● Task objective: From the listing below, retype exactly the line holding "move=> q0; rewrite", the line holding "by apply/eqP; exact: frac_numden.", and the lines between them; skip everything else.

● Data for this exercise:
(* Let $\Gamma=(S,A)$ be a skew-symmetric graph on $S=\{1,\dots,n\}$ and $\varpi$ a weight vector for $\Gamma$. Let $K$ be the Kahan morphism of $\Gamma$ on $\mathbb F(x)$ and $K^\varpi$ the Kahan morphism of $\Gamma^\varpi$ on $\mathbb F(y)$, and let $\Sigma:\mathbb F(x)\to\mathbb F(y)$ be the decloning morphism. Then $K^\varpi\circ\Sigma=\Sigma\circ K$; $\Sigma$ is a morphism of Poisson fields from $(\mathbb F(x),\{\cdot,\cdot\})$ to $(\mathbb F(y),\{\cdot,\cdot\}^\varpi)$; and $K$ is a Poisson morphism if and only if $K^\varpi$ is a Poisson morphism. In particular $\Gamma$ has the Kahan-Poisson property if and only if $\Gamma^\varpi$ does.
   Context: $\mathbb F\in\{\mathbb R,\mathbb C\}$. A skew-symmetric graph is $\Gamma=(S,A)$ with $A=(a_{i,j})$ skew-symmetric over $\mathbb F$. Its Poisson bracket on $\mathbb F(x)=\mathbb F(x_1,\dots,x_n)$ is $\{x_i,x_j\}=a_{i,j}x_ix_j$. Its Kahan morphism (step size 1) is the field endomorphism $K$ with $K(x_i)=\tilde x_i$, the unique solution of $\tilde x_i-x_i=\tilde x_i\sum_j a_{i,j}x_j+x_i\sum_j a_{i,j}\tilde x_j$; $\Gamma$ has the Kahan-Poisson property if $K$ is a Poisson morphism. A weight vector is $\varpi:S\to\mathbb N^*$; the cloning $\Gamma^\varpi$ has vertices $(i,k)$, $i\in S$, $1\le k\le\varpi(i)$, and entries $a^\varpi_{(i,k),(j,\ell)}=a_{i,j}$; its coordinates are $y_{i,k}$, $\mathbb F(y)$ is the field of rational functions in all $y_{i,k}$, with Poisson bracket $\{y_{i,k},y_{j,\ell}\}^\varpi=a_{i,j}y_{i,k}y_{j,\ell}$, and its Kahan morphism $K^\varpi$ is defined by the same recipe. The decloning morphism is the field morphism $\Sigma:\mathbb F(x)\to\mathbb F(y)$, $\Sigma(x_i)=\sum_{k=1}^{\varpi(i)}y_{i,k}$. *)

From HB Require Import structures.
From mathcomp Require Import all_boot all_algebra.
From mathcomp Require Import fraction.
From mathcomp Require Import mpoly.

Set Implicit Arguments.
Unset Strict Implicit.
Unset Printing Implicit Defensive.

Import GRing.Theory.
Local Open Scope ring_scope.

(* The field F(x_v : v in V) of rational functions in variables        *)
(* indexed by a finite type V: the fraction field of the multivariate   *)
(* polynomial ring F[x_v], variables numbered through enum_rank.        *)
Section RatFun.
Variables (F : fieldType) (V : finType).

Definition polV := {mpoly F[#|V|]}.
Definition ratf := {fraction polV}.

Definition var (v : V) : ratf := tofrac ('X_(enum_rank v) : polV).
Definition cst (c : F) : ratf := tofrac (c%:MP : polV).

Definition pderiv_poly (v : V) (p : polV) : polV := mderiv (enum_rank v) p.

(* partial derivative d/dx_v on rational functions, via the quotient rule
   applied to any representative p/q of f (independent of the choice) *)
Definition pderiv (v : V) (f : ratf) : ratf :=
  let r := repr f in
  tofrac (pderiv_poly v (\n_r) * \d_r - \n_r * pderiv_poly v (\d_r))
    / tofrac (\d_r ^+ 2).

(* The log-canonical Poisson bracket of the skew-symmetric matrix a:
   {x_u, x_v} = a u v x_u x_v, extended as a biderivation:
   {f, g} = sum_{u,v} a u v x_u x_v (df/dx_u) (dg/dx_v). *)
Definition pbracket (a : V -> V -> F) (f g : ratf) : ratf :=
  \sum_(u : V) \sum_(v : V)
     cst (a u v) * var u * var v * pderiv u f * pderiv v g.

(* K is an F-algebra morphism (fixes constants) whose values on the
   generators solve the Kahan equations (step size 1):
   K x_i - x_i = K x_i * sum_j a_ij x_j + x_i * sum_j a_ij K x_j.  *)
Definition is_kahan (a : V -> V -> F) (K : ratf -> ratf) : Prop :=
  (forall c, K (cst c) = cst c) /\
  (forall i : V,
     K (var i) - var i =
       K (var i) * (\sum_(j : V) cst (a i j) * var j)
     + var i * (\sum_(j : V) cst (a i j) * K (var j))).

End RatFun.

Definition poisson_map (F : fieldType) (V W : finType)
  (a : V -> V -> F) (b : W -> W -> F) (phi : ratf F V -> ratf F W) : Prop :=
  forall f g : ratf F V, phi (pbracket a f g) = pbracket b (phi f) (phi g).

Definition kahan_poisson (F : fieldType) (V : finType) (a : V -> V -> F) : Prop :=
  forall K : {rmorphism ratf F V -> ratf F V},
    is_kahan a K -> poisson_map a a K.

(* Cloning: vertex set {(i,k) | i in 'I_n, k < w i} (k shifted to start at 0) *)
Definition cloneV (n : nat) (w : 'I_n -> nat) : finType := {i : 'I_n & 'I_(w i)}.

Definition mat_fun (F : fieldType) (n : nat) (A : 'M[F]_n) : 'I_n -> 'I_n -> F :=
  fun i j => A i j.

Definition clone_fun (F : fieldType) (n : nat) (A : 'M[F]_n) (w : 'I_n -> nat)
  : cloneV w -> cloneV w -> F :=
  fun u v => A (tag u) (tag v).

Definition is_decloning (F : fieldType) (n : nat) (w : 'I_n -> nat)
  (Sig : ratf F 'I_n -> ratf F (cloneV w)) : Prop :=
  (forall c, Sig (cst 'I_n c) = cst (cloneV w) c) /\
  (forall i : 'I_n,
     Sig (var F i) = \sum_(k : 'I_(w i)) var F (Tagged (fun j => 'I_(w j)) k : cloneV w)).

Arguments clone_fun {F n} A w _ _.
Arguments mat_fun {F n} A _ _.
Arguments is_decloning {F n w} Sig.
Arguments is_kahan {F V} a K.
Arguments poisson_map {F V W} a b phi.
Arguments kahan_poisson {F V} a.

(* Sigma o K and K^w o Sigma are field morphisms fixing constants, and on the
   generators x_i both solve the decloned Kahan equations; these form a linear
   system whose polynomial matrix is the identity at the origin, hence is
   invertible over F(y), so the two morphisms agree.  Sigma is Poisson because
   d(Sigma h)/dy_(i,k) = Sigma (dh/dx_i) and the cloned matrix only depends on
   the tags.  Solving the Kahan equations gives K x_i = x_i R_i and
   K^w y_(i,k) = y_(i,k) Sigma R_i; since the bracket of rescaled clone
   coordinates is the decloned image of the bracket of rescaled x-coordinates,
   the Poisson identities of K on the generators carry over to K^w.
   Conversely, Sigma is injective and intertwines K and K^w. *)

From mathcomp Require Import all_boot all_algebra.
From mathcomp Require Import fraction mpoly ring.
Import GRing.Theory.
Local Open Scope ring_scope.

Set Implicit Arguments.
Unset Strict Implicit.
Unset Printing Implicit Defensive.

Lemma frac_numden (R : idomainType) (f : {fraction R}) :
  f = tofrac (\n_(repr f)) / tofrac (\d_(repr f)).
Proof.
have d0 : \d_(repr f) != 0 := denom_ratioP _.
apply: (canRL (mulfK _)); first by rewrite tofrac_eq0.
rewrite -{1}[f]reprK; unlock tofrac.
rewrite -[_ * _]/(FracField.mul _ _) -FracField.pi_mul.
apply/eqP; rewrite piE /= FracField.equivfE /FracField.mulf /=.
by rewrite !numden_Ratio ?mulf_neq0 ?oner_neq0 // !mulr1 mulrC.
Qed.

Lemma quotient_rule_wd (L : fieldType) (p q n d dp dq dn dd : L) :
  q != 0 -> d != 0 -> p * d = n * q -> dp * d + p * dd = dn * q + n * dq ->
  (dn * d - n * dd) / d ^+ 2 = (dp * q - p * dq) / q ^+ 2.
Proof.
move=> q0 d0 cross dcross.
have ep : p = n * q / d by rewrite -cross mulfK.
have edp : dp = (dn * q + n * dq - p * dd) / d by rewrite -dcross addrK mulfK.
by rewrite edp ep; field; rewrite q0 d0.
Qed.

Lemma quotient_ruleD (L : fieldType) (a b c d da db dc dd : L) : b != 0 -> d != 0 ->
  ((da * d + a * dd + (dc * b + c * db)) * (b * d)
    - (a * d + c * b) * (db * d + b * dd)) / (b * d) ^+ 2 =
  (da * b - a * db) / b ^+ 2 + (dc * d - c * dd) / d ^+ 2.
Proof. by move=> b0 d0; field; rewrite b0 d0. Qed.

Lemma quotient_ruleM (L : fieldType) (a b c d da db dc dd : L) : b != 0 -> d != 0 ->
  ((da * c + a * dc) * (b * d) - a * c * (db * d + b * dd)) / (b * d) ^+ 2 =
  a / b * ((dc * d - c * dd) / d ^+ 2) + (da * b - a * db) / b ^+ 2 * (c / d).
Proof. by move=> b0 d0; field; rewrite b0 d0. Qed.

Section RationalCalculus.
Variables (F : fieldType) (V : finType).
Local Notation R := (ratf F V).
Local Notation P := (polV F V).

Lemma ratf_frac (f : R) : exists p q : P, q != 0 /\ f = tofrac p / tofrac q.
Proof.
by exists \n_(repr f), \d_(repr f); split; [exact: denom_ratioP | exact: frac_numden].
Qed.

Lemma pderiv_frac (v : V) (p q : P) : q != 0 ->
  pderiv v (tofrac p / tofrac q) =
  (tofrac (pderiv_poly v p) * tofrac q - tofrac p * tofrac (pderiv_poly v q))
    / tofrac q ^+ 2.
Proof.
move=> q0; rewrite /pderiv /=; set r := repr _.
have d0 : \d_r != 0 := denom_ratioP r.
have cross : p * \d_r = \n_r * q.
  apply/eqP; rewrite -tofrac_eq !tofracM -eqr_div ?tofrac_eq0 //.
  by apply/eqP; exact: frac_numden.
have dcross := congr1 (fun p => tofrac (pderiv_poly v p) : R) cross.
rewrite /pderiv_poly !mderivM !tofracD !tofracM in dcross.
rewrite tofracB !tofracM -expr2.
apply: quotient_rule_wd dcross; rewrite ?tofrac_eq0 //.
by rewrite -!tofracM cross.
Qed.

Lemma pderiv_tofrac (v : V) (p : P) :
  pderiv v (tofrac p) = tofrac (pderiv_poly v p).
Proof.
rewrite -[tofrac p]divr1 -tofrac1 pderiv_frac ?oner_neq0 //.
rewrite /pderiv_poly -[1 : P]/(1%:MP) mderivC tofrac0 tofrac1.
by rewrite mulr0 subr0 expr1n !mulr1 divr1.
Qed.

Lemma pderivD (v : V) (f g : R) : pderiv v (f + g) = pderiv v f + pderiv v g.
Proof.
have [p1 [q1 [q10 ->]]] := ratf_frac f; have [p2 [q2 [q20 ->]]] := ratf_frac g.
rewrite addf_div ?tofrac_eq0 // -!tofracM -tofracD !pderiv_frac ?mulf_neq0 //.
rewrite /pderiv_poly !mderivD !mderivM !tofracD !tofracM.
by apply: quotient_ruleD; rewrite tofrac_eq0.
Qed.

Lemma pderivM (v : V) (f g : R) :
  pderiv v (f * g) = f * pderiv v g + pderiv v f * g.
Proof.
have [p1 [q1 [q10 ->]]] := ratf_frac f; have [p2 [q2 [q20 ->]]] := ratf_frac g.
rewrite mulf_div -!tofracM !pderiv_frac ?mulf_neq0 //.
rewrite /pderiv_poly !mderivM !tofracD !tofracM.
by apply: quotient_ruleM; rewrite tofrac_eq0.
Qed.

Lemma pderiv0 (v : V) : pderiv v (0 : R) = 0.
Proof. by rewrite -tofrac0 pderiv_tofrac /pderiv_poly mderiv0 tofrac0. Qed.

Lemma pderiv_sum (v : V) (I : finType) (f : I -> R) :
  pderiv v (\sum_i f i) = \sum_i pderiv v (f i).
Proof. exact: (big_morph (pderiv v) (pderivD v) (pderiv0 v)). Qed.

Lemma pderiv_cst (v : V) (c : F) : pderiv v (cst V c) = 0.
Proof. by rewrite /cst pderiv_tofrac /pderiv_poly mderivC tofrac0. Qed.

● Response to this task:
move=> q0; rewrite /pderiv /=; set r := repr _.
have d0 : \d_r != 0 := denom_ratioP r.
have cross : p * \d_r = \n_r * q.
  apply/eqP; rewrite -tofrac_eq !tofracM -eqr_div ?tofrac_eq0 //.
  by apply/eqP; exact: frac_numden.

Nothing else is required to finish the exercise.